Assigned task — What lines in the material hold the string "subU"? Copy out each of them.

[Material supplied]

(* The pull-back limit is a pointwise limit of measurable functions on the
   measurable set [good eps], hence measurable once glued to any measurable
   function off that set. *)
Lemma measurable_pb eps i (h : Omega -> R) : 0 <= eps -> M%:R * eps <= 1/2 ->
  measurable_fun setT h ->
  measurable_fun setT (fun w => if w \in good eps then pb eps w i 0 else h w).
Proof.
move=> eps_ge0 M_eps mh; have [[mP _] _] := P_perturbation eps_ge0.
have m_seq n : measurable_fun setT (fun w => pullback_seq (Qorb eps w) (evec R j0) n i 0).
  rewrite (_ : (fun w => _) = fun w => \sum_(j < k) P eps n (orb w (- n%:Z)) i j *
    evec R j0 j 0); last by apply/funext => w; rewrite mxE.
  apply: measurable_sum => j; apply: measurable_funM => //.
  exact: measurableT_comp (mP n i j) (measurable_orbit _ _ _).
apply: measurable_fun_if => //; first exact: measurable_in_good.
  rewrite setTI (_ : _ @^-1` _ = good eps); last first.
    by apply/seteqP; split => w /=; [move/set_mem | move/mem_set].
  apply: (measurable_fun_cvg
    (h := fun n w => pullback_seq (Qorb eps w) (evec R j0) n i 0)) => [n|w good_w].
    exact: measurable_funS (m_seq n).
  rewrite /pb /pullback /vlim mxE.
  exact: (pullback_coord_cvg (Qorb_cocycle eps_ge0 good_w) (Sigma1p_evec R j0)
    (Qorb_backward eps_ge0 good_w M_eps)).
exact: measurable_funS mh.
Qed.

Lemma measurable_limit0 i : measurable_fun setT (fun w => limit0 w i 0).
Proof.
have M0 : M%:R * 0 <= 1/2 :> R by rewrite mulr0; lra.
rewrite (_ : (fun w => _) =
  fun w => if w \in good 0 then pb 0 w i 0 else evec R j0 i 0).
  exact: measurable_pb (lexx 0) M0 (measurable_cst _).
by apply/funext => w; rewrite /limit0; case: ifP.
Qed.

Lemma measurable_J j : measurable (J @^-1` [set j]).
Proof.
rewrite (_ : J @^-1` _ = (fun w => limit0 w j 0) @^-1` [set 1]); last first.
  apply/seteqP; split => w /=; rewrite limit0_evec mxE; first by move=> ->; rewrite eqxx.
  by case: eqP => // _ /esym/eqP; rewrite oner_eq0.
rewrite -[_ @^-1` _]setTI; apply: measurable_limit0 => //; exact: measurable_set1.
Qed.

Lemma measurable_p eps i : 0 <= eps -> M%:R * eps <= 1/2 ->
  measurable_fun setT (fun w => p eps w i 0).
Proof.
move=> eps_ge0 M_eps; rewrite (_ : (fun w => _) =
  fun w => if w \in good eps then pb eps w i 0 else limit0 w i 0).
  exact: measurable_pb eps_ge0 M_eps (measurable_limit0 i).
by apply/funext => w; rewrite /p limit0_evec; case: ifP.
Qed.

Section GoodPoint.
Variables (eps : R) (w : Omega).
Hypotheses (eps_ge0 : 0 <= eps) (M_eps : M%:R * eps <= 1/2).

Lemma p_Sigma1p : Sigma1p (p eps w).
Proof.
rewrite /p; case: ifPn => [/set_mem good_w|_]; last exact: Sigma1p_evec.
exact: (pullback_Sigma1p (Qorb_cocycle eps_ge0 good_w) (Sigma1p_evec R j0)
  (Qorb_backward eps_ge0 good_w M_eps)).
Qed.

Hypothesis good_w : good eps w.

Let Qorb_w := Qorb_cocycle eps_ge0 good_w.
Let Qorb_w_backward := Qorb_backward eps_ge0 good_w M_eps.

Lemma p_invariant n : P eps n w *m p eps w = p eps (iter n theta w).
Proof.
have good_nw := good_shift n good_w.
rewrite /p (mem_set good_w) (mem_set good_nw).
apply: (pullback_shift Qorb_w (Sigma1p_evec R j0) Qorb_w_backward).
apply: l1_cvg_eq (pullback_cvg (Qorb_cocycle eps_ge0 good_nw) (Sigma1p_evec R j0)
  (Qorb_backward eps_ge0 good_nw M_eps)) => m.
by rewrite /pullback_seq /Qorb -[iter n theta w]/(orb w n) orbit_orbit.
Qed.

Lemma p_pullback_attracts q : Sigma1p q ->
  (fun n => norm1 (P eps n (iter n theta_inv w) *m q - p eps w)) @ \oo --> (0 : R).
Proof.
move=> hq; rewrite /p (mem_set good_w).
rewrite (_ : (fun n => _) = fun n => norm1 (Qorb eps w n (- n%:Z) *m q - pb eps w)).
  exact: (pullback_attracts Qorb_w (Sigma1p_evec R j0) Qorb_w_backward hq).
by apply/funext => n; rewrite /Qorb orbitN.
Qed.

Lemma p_forward_attracts q : Sigma1p q ->
  (fun n => norm1 (P eps n w *m q - p eps (iter n theta w))) @ \oo --> (0 : R).
Proof.
move=> hq; rewrite (_ : (fun n => _) =
  fun n => norm1 (Qorb eps w n 0 *m q - Qorb eps w n 0 *m p eps w)).
  exact: (forward_attracts (Qorb_forward eps_ge0 good_w M_eps) hq p_Sigma1p).
by apply/funext => n; rewrite -p_invariant.
Qed.

End GoodPoint.

Lemma ae_good eps (Q : Omega -> Prop) :
  (forall w, good eps w -> Q w) -> {ae mu, forall w, Q w}.
Proof. by move=> hQ; apply: negligibleS (good_ae eps) => w /= nQw good_w; apply/nQw/hQ. Qed.

Lemma uniformly_synchronized_points : uniformly_synchronized mu P0 ->
  exists (Nu : nat) (A : set Omega), [/\ measurable A, mu A = 1%E &
    forall w, A w -> good 0 w /\ synchronizes (Q0orb w Nu (- Nu%:Z))].
Proof.
case=> Nu [U [mU U0 subU]].
pose A := good 0 `&` iter Nu theta_inv @^-1` (~` U).
have mA : measurable A.
  apply: measurableI (measurable_good 0) (measurable_preimage _ (measurableC mU)).
  exact: measurable_iter.
exists Nu, A; split => //.
  apply: probability_full mA _; rewrite setCI preimage_setC setCK.
  apply: negligibleU (good_ae 0) (negligible_preimage _ _ _).
  - exact: measurable_iter.
  - apply: measure_preserving_iter => //; exact: theta_inv_pres.
  - by exists U; split.
move=> w [good_w Uw]; split => // i j; rewrite /Q0orb orbitN //.
by apply: contrapT => nsync; apply: Uw; apply: subU => /(_ i j Nu (leqnn _)).
Qed.

(* Below [eps1] the block length [M] makes perturbed blocks contracting. *)
Definition eps1 : R := (2 * M.+1%:R)^-1.

Lemma eps1_gt0 : 0 < eps1.
Proof. by rewrite invr_gt0 mulr_gt0. Qed.

Lemma M_eps_small eps : 0 <= eps -> eps < eps1 -> M%:R * eps <= 1/2.
Proof.
move=> eps_ge0; rewrite /eps1 -div1r ltr_pdivlMr ?mulr_gt0 // -(natr1 M) => h.
have : 0 <= M%:R :> R by []; nra.
Qed.


Lemma p_close_to_J eps w s delta : good 0 w -> synchronizes (Q0orb w s (- s%:Z)) ->
  0 <= eps -> eps < delta / s.+1%:R -> eps < eps1 ->
  norm1 (p eps w - evec R (J w)) < delta.
Proof.
move=> good_w sync eps_ge0 eps_delta /(M_eps_small eps_ge0) M_eps.
exact: le_lt_trans (p_near_J eps_ge0 M_eps good_w sync) (small_multiple eps_ge0 eps_delta).
Qed.

Theorem invariant_distributions_of_perturbed_synchronized_DRN :
  exists (eps1 : R) (p : R -> Omega -> 'cV[R]_k),
    0 < eps1 /\
    (forall eps, 0 <= eps -> eps < eps1 ->
       [/\ invariant_distribution mu theta (P eps) (p eps),
           (forall q : 'cV[R]_k, Sigma1p q ->
              {ae mu, forall w,
                 (fun n => norm1 (P eps n (iter n theta_inv w) *m q - p eps w))
                   @ \oo --> (0 : R)}) &
           (forall q : 'cV[R]_k, Sigma1p q ->
              {ae mu, forall w,
                 (fun n => norm1 (P eps n w *m q - p eps (iter n theta w)))
                   @ \oo --> (0 : R)})]) /\
    exists J : Omega -> 'I_k,
      (forall j, measurable (J @^-1` [set j])) /\
      {ae mu, forall w,
         p 0 w = evec R (J w) /\
         (forall delta : R, 0 < delta -> exists eta : R, 0 < eta /\
            forall eps, 0 <= eps -> eps < eta -> eps < eps1 ->
              norm1 (p eps w - evec R (J w)) < delta)} /\
      (uniformly_synchronized mu P0 ->
         exists A : set Omega, measurable A /\ mu A = 1%E /\
           forall delta : R, 0 < delta -> exists eta : R, 0 < eta /\
             forall eps w, A w -> 0 <= eps -> eps < eta -> eps < eps1 ->
               norm1 (p eps w - evec R (J w)) < delta).
Proof.
exists eps1, p; split; first exact: eps1_gt0.
split.
  move=> eps eps_ge0 /(M_eps_small eps_ge0) M_eps.
  have ae_eps := ae_good (eps := eps).
  split; first split.
  - by move=> i; exact: measurable_p.
  - split; first by move=> w; exact: p_Sigma1p.
    by apply: ae_eps => w good_w n; exact: (p_invariant eps_ge0 M_eps good_w).
  - move=> q hq; apply: ae_eps => w good_w.
    exact: (p_pullback_attracts eps_ge0 M_eps good_w).
  - move=> q hq; apply: ae_eps => w good_w.
    exact: (p_forward_attracts eps_ge0 M_eps good_w).
exists J; split; first exact: measurable_J.
split.
  apply: (ae_good (eps := 0)) => w good_w; split; first exact: p0.
  have [s sync] := Q0orb_sync_past (lexx 0) good_w.
  move=> delta delta_gt0; exists (delta / s.+1%:R); split; first by rewrite divr_gt0.
  by move=> eps; exact: (p_close_to_J good_w sync).
case/uniformly_synchronized_points => Nu [A [mA A1 hA]].
exists A; split => //; split => // delta delta_gt0.
exists (delta / Nu.+1%:R); split; first by rewrite divr_gt0.
by move=> eps w /hA [good_w sync]; exact: (p_close_to_J good_w sync).
Qed.

End MarkovPerturbationOfSynchronizedDRN.

Theorem theoremA (R : realType) (d : measure_display) (Omega : measurableType d)
  (mu : probability Omega R) (theta theta_inv : Omega -> Omega) (k : nat)
  (P0 : nat -> Omega -> 'M[R]_k) (P : R -> nat -> Omega -> 'M[R]_k) :
  (2 <= k)%N ->
  @standard_borel R d Omega ->
  metric_dynamical_system mu theta theta_inv ->
  DRN_cocycle mu theta P0 ->
  synchronized mu P0 ->
  markov_perturbation mu theta P0 P ->
  exists (eps1 : R) (p : R -> Omega -> 'cV[R]_k),
    0 < eps1 /\
    (forall eps, 0 <= eps -> eps < eps1 ->
       [/\ invariant_distribution mu theta (P eps) (p eps),
           (* (i) pull-back attraction *)
           (forall q : 'cV[R]_k, Sigma1p q ->
              {ae mu, forall w,
                 (fun n => norm1 (P eps n (iter n theta_inv w) *m q - p eps w))
                   @ \oo --> (0 : R)}) &
           (* (ii) forward attraction *)
           (forall q : 'cV[R]_k, Sigma1p q ->
              {ae mu, forall w,
                 (fun n => norm1 (P eps n w *m q - p eps (iter n theta w)))
                   @ \oo --> (0 : R)})]) /\
    (* (iii) continuity at eps = 0 *)
    exists J : Omega -> 'I_k,
      (forall j, measurable (J @^-1` [set j])) /\
      {ae mu, forall w,
         p 0 w = evec R (J w) /\
         (forall delta : R, 0 < delta -> exists eta : R, 0 < eta /\
            forall eps, 0 <= eps -> eps < eta -> eps < eps1 ->
              norm1 (p eps w - evec R (J w)) < delta)} /\
      (* uniform convergence under uniform synchronization *)
      (uniformly_synchronized mu P0 ->
         exists A : set Omega, measurable A /\ mu A = 1%E /\
           forall delta : R, 0 < delta -> exists eta : R, 0 < eta /\
             forall eps w, A w -> 0 <= eps -> eps < eta -> eps < eps1 ->
               norm1 (p eps w - evec R (J w)) < delta).
Proof.
move=> k_ge2 _ [m_theta m_theta_inv [thetaK theta_invK] pres erg] P0_DRN
  [Nsync [m_Nsync Nsync_ae]] [_ P_perturbation].
exact: (invariant_distributions_of_perturbed_synchronized_DRN (ltnW k_ge2)
  m_theta m_theta_inv thetaK theta_invK pres erg P0_DRN m_Nsync Nsync_ae P_perturbation).
Qed.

[/Material supplied]

Solved exercise —
case=> Nu [U [mU U0 subU]].
by apply: contrapT => nsync; apply: Uw; apply: subU => /(_ i j Nu (leqnn _)).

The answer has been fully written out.